A complementary measure to prevent the ingress of ash and melt through the blow-in opening into the interior of the rust block is shown in Fig. 3b. Through a web 30 and a corresponding roof side 31 running parallel to it, an obliquely downwardly sloping exhaust duct 33 is created, the inclination of which in this example or with respect to the given dimensioning shall form an angle between 1 ° and a 25 ° 1 ratio. to the upper edge of the residual block. The angle must be dimensioned so that the outflowing primary air does not flow directly towards the nearest following block of rust lying below or in front of the mouth. This condition is clearly shown in the two rust blocks according to Fig. 2. Fig. 2 shows a part of a rust with rust blocks according to the invention. The rust blocks 10 are mounted on fixed 8 and movable block holders 9 and each time rotatably mounted on rust block bearings 11 and summarized in groups across the rust length direction with drawbars 7. The number 6 has denoted a support bracket therefore required. The exhaust duct 33 opens into the exhaust opening 15 and produces an air jet L directed away from the orifice, which, without any jet bending effect of a waste bed present on the grate, is directed directly over the edge of the chamfer 31. A horizontal plane is denoted by a horizontal plane against gravity. This horizontal plane shows the approximate slope of the rust path.

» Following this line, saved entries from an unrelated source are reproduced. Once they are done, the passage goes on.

(* Let $\varphi$ be the morphism on $\{0,1\}^*$ with $\varphi(0)=010$ and $\varphi(1)=101$. Then $\mathbf{t}'=\varphi(\mathbf{t}_{3/2})$.
   Context: The Thue--Morse word in base $3/2$ is the unique binary sequence $\mathbf{t}_{3/2}=(t_n)_{n\ge0}$ with $t_0=0$, $t_{3n}=t_{3n+1}=t_{2n}$ and $t_{3n+2}=1-t_{2n+1}$ for all $n\ge0$ (equivalently, $t_n$ is the digit sum modulo $2$ of the base-$3/2$ expansion of $n$, where $\langle 0\rangle$ is empty and $\langle n\rangle=\langle m\rangle d$ for $2n=3m+d$, $d\in\{0,1,2\}$). Dekking's word $\mathbf{t}'=(x_n)_{n\ge0}$ is the unique binary infinite word with $x_0=0$ such that $\mathbf{t}'=\beta(x_0x_1)\beta(x_2x_3)\beta(x_4x_5)\cdots$, where $\beta(00)=\beta(01)=010$ and $\beta(10)=\beta(11)=101$. The morphism $\varphi$ is applied letter by letter to the infinite word $\mathbf{t}_{3/2}$. *)

(* Binary letters 0,1 are encoded as false,true. *)
From mathcomp Require Import all_boot.
Set Implicit Arguments. Unset Strict Implicit. Unset Printing Implicit Defensive.

(* Base-3/2 expansion: <0> = empty, <n> = <m> d where 2n = 3m + d, d in {0,1,2}.
   Since m < n for n >= 1, fuel n suffices. *)
Fixpoint exp32_fuel (fuel n : nat) : seq nat :=
  match fuel with
  | 0 => [::]
  | fuel'.+1 =>
      if n == 0 then [::]
      else rcons (exp32_fuel fuel' ((2 * n) %/ 3)) ((2 * n) %% 3)
  end.

Definition exp32 (n : nat) : seq nat := exp32_fuel n n.

Definition t32 (n : nat) : bool := odd (sumn (exp32 n)).

Definition phi (a : bool) : seq bool :=
  if a then [:: true; false; true] else [:: false; true; false].

Definition phi_word (w : nat -> bool) (n : nat) : bool :=
  nth false (phi (w (n %/ 3))) (n %% 3).

Definition beta (a b : bool) : seq bool :=
  match a, b with
  | false, false => [:: false; true; false]
  | false, true => [:: false; true; false]
  | true, false => [:: true; false; true]
  | true, true => [:: true; false; true]
  end.

(* x is Dekking's word: x_0 = 0 and x = beta(x0 x1) beta(x2 x3) beta(x4 x5) ...;
   position n lies in block n/3 at offset n mod 3. *)
Definition is_dekking (x : nat -> bool) : Prop :=
  x 0 = false /\
  forall n, x n = nth false (beta (x (2 * (n %/ 3))) (x (2 * (n %/ 3) + 1))) (n %% 3).

From mathcomp Require Import all_boot.
From mathcomp Require Import zify.

(* Since beta ignores its second letter, a Dekking word satisfies x_n = phi(x_(2m))_d
   for n = 3m + d; as 2m < n for n > 0, there is at most one such word.  For
   phi(t_(3/2)) this identity reads t_k = phi(t_m)_d where 2k = 3m + d, and that is
   the recursion defining t_(3/2): appending the digit d to <m> flips the parity
   exactly when d = 1, which is also the only offset where phi flips its letter. *)

Lemma exp32_fuel_enough f g n : n <= f -> n <= g -> exp32_fuel f n = exp32_fuel g n.
Proof.
elim: f g n => [|f IHf] [|g] n /=; case: (n =P 0) => // n_neq0; try lia.
by move=> n_le_f n_le_g; congr rcons; apply: IHf; lia.
Qed.

Lemma exp32_rec n : 0 < n -> exp32 n = rcons (exp32 ((2 * n) %/ 3)) ((2 * n) %% 3).
Proof.
case: n => // n _; rewrite /exp32 /=.
by congr rcons; apply: exp32_fuel_enough; lia.
Qed.

Lemma t32_rec n : 0 < n -> t32 n = t32 ((2 * n) %/ 3) (+) ((2 * n) %% 3 == 1).
Proof.
move=> n_gt0; rewrite {1}/t32 exp32_rec // -cats1 sumn_cat /= addn0 oddD.
have : (2 * n) %% 3 < 3 by rewrite ltn_pmod.
by case: ((2 * n) %% 3) => [|[|[|]]].
Qed.

Lemma nth_phi a d : d < 3 -> nth false (phi a) d = a (+) (d == 1).
Proof. by case: a; case: d => [|[|[|]]]. Qed.

Lemma beta_phi a b : beta a b = phi a.
Proof. by case: a; case: b. Qed.

Lemma phi_word_t32_double k : phi_word t32 (2 * k) = t32 k.
Proof.
case: k => [|k]; first by [].
by rewrite t32_rec // /phi_word nth_phi // ltn_pmod.
Qed.

Lemma is_dekking_phi_word_t32 : is_dekking (phi_word t32).
Proof. by split=> // n; rewrite beta_phi phi_word_t32_double. Qed.

Lemma is_dekking_unique x y : is_dekking x -> is_dekking y -> x =1 y.
Proof.
move=> [x0 xE] [y0 yE]; elim/ltn_ind=> [[|n] IHn]; first by rewrite x0 y0.
by rewrite xE yE !beta_phi IHn //; lia.
Qed.

Theorem lemma4 :
  is_dekking (phi_word t32) /\
  forall x : nat -> bool, is_dekking x -> forall n, x n = phi_word t32 n.
Proof.
split; first exact: is_dekking_phi_word_t32.
by move=> x x_dekking; apply: is_dekking_unique is_dekking_phi_word_t32.
Qed.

The already described choice of the cross-section of the air outlet openings enables, through the large pressure loss which occurs during the outflow of the primary air, a more or less independent distribution of the combustion air over the thickness of the combustion air over the waste-coated rust surface, which leads to a uniform pre-combustion. As a component of a regulated cycle, the rust must, on the one hand, have good transport and agitation properties and, on the other hand, guarantee a uniform combustion process, whereby cooling and the already mentioned pressure loss have a decisive effect.

Claims (4)

'458 473 P a t e n t k r a v Rust block for a rust bed at a combustion grate for waste incineration, with a roof tile, one after the other and § on a rust block arranged towards a horizontal plane, which rust block (10) has devices for forced cooling and for discharging the cooling air as primary combustion air. in the waste bed to be incinerated, characterized by two rectangular exhaust openings (15) arranged on the main portion of the rust block (10), opening out of an exhaust duct (33) in the front surface of the head, which have the following dimensions: Ll lßz; 11 2. 12 L1: L2 <11:12 and 20 <F: 2f <40 where L1 is the width of the front surface (10 ') without chamfer, L2 is the height of the front surface (10') without chamfer, l1 is the width of the exhaust opening, 12 is the height of the exhaust opening, F is the area L1 x L2 of the front surface f is the area ll x 12 of the exhaust opening, the front surface being divided into a number of subfields of horizontal lines with a vertical distance Llzi and of vertical lines with a horizontal distance L2: j, where in = j varvid. HI 458 4.73 10 i and j ¿3 and are positive integers, and that the two exhaust openings are located in the subfields in the two upper corners. Rust block according to claim 1, that 34 5 F / 2f 5 38. k e nl e n t e c k n a t Rust block according to claims 1 and 2, characterized by a blow-out channel (33) inclined in an direction away from the upper edge of the rust block, which opens into the blow-out openings (15). Rust block according to claim 3, characterized in that the exhaust duct (33) is inclined at an angle 1.UL of 150 - 250 in relation to the upper edge of the rust block.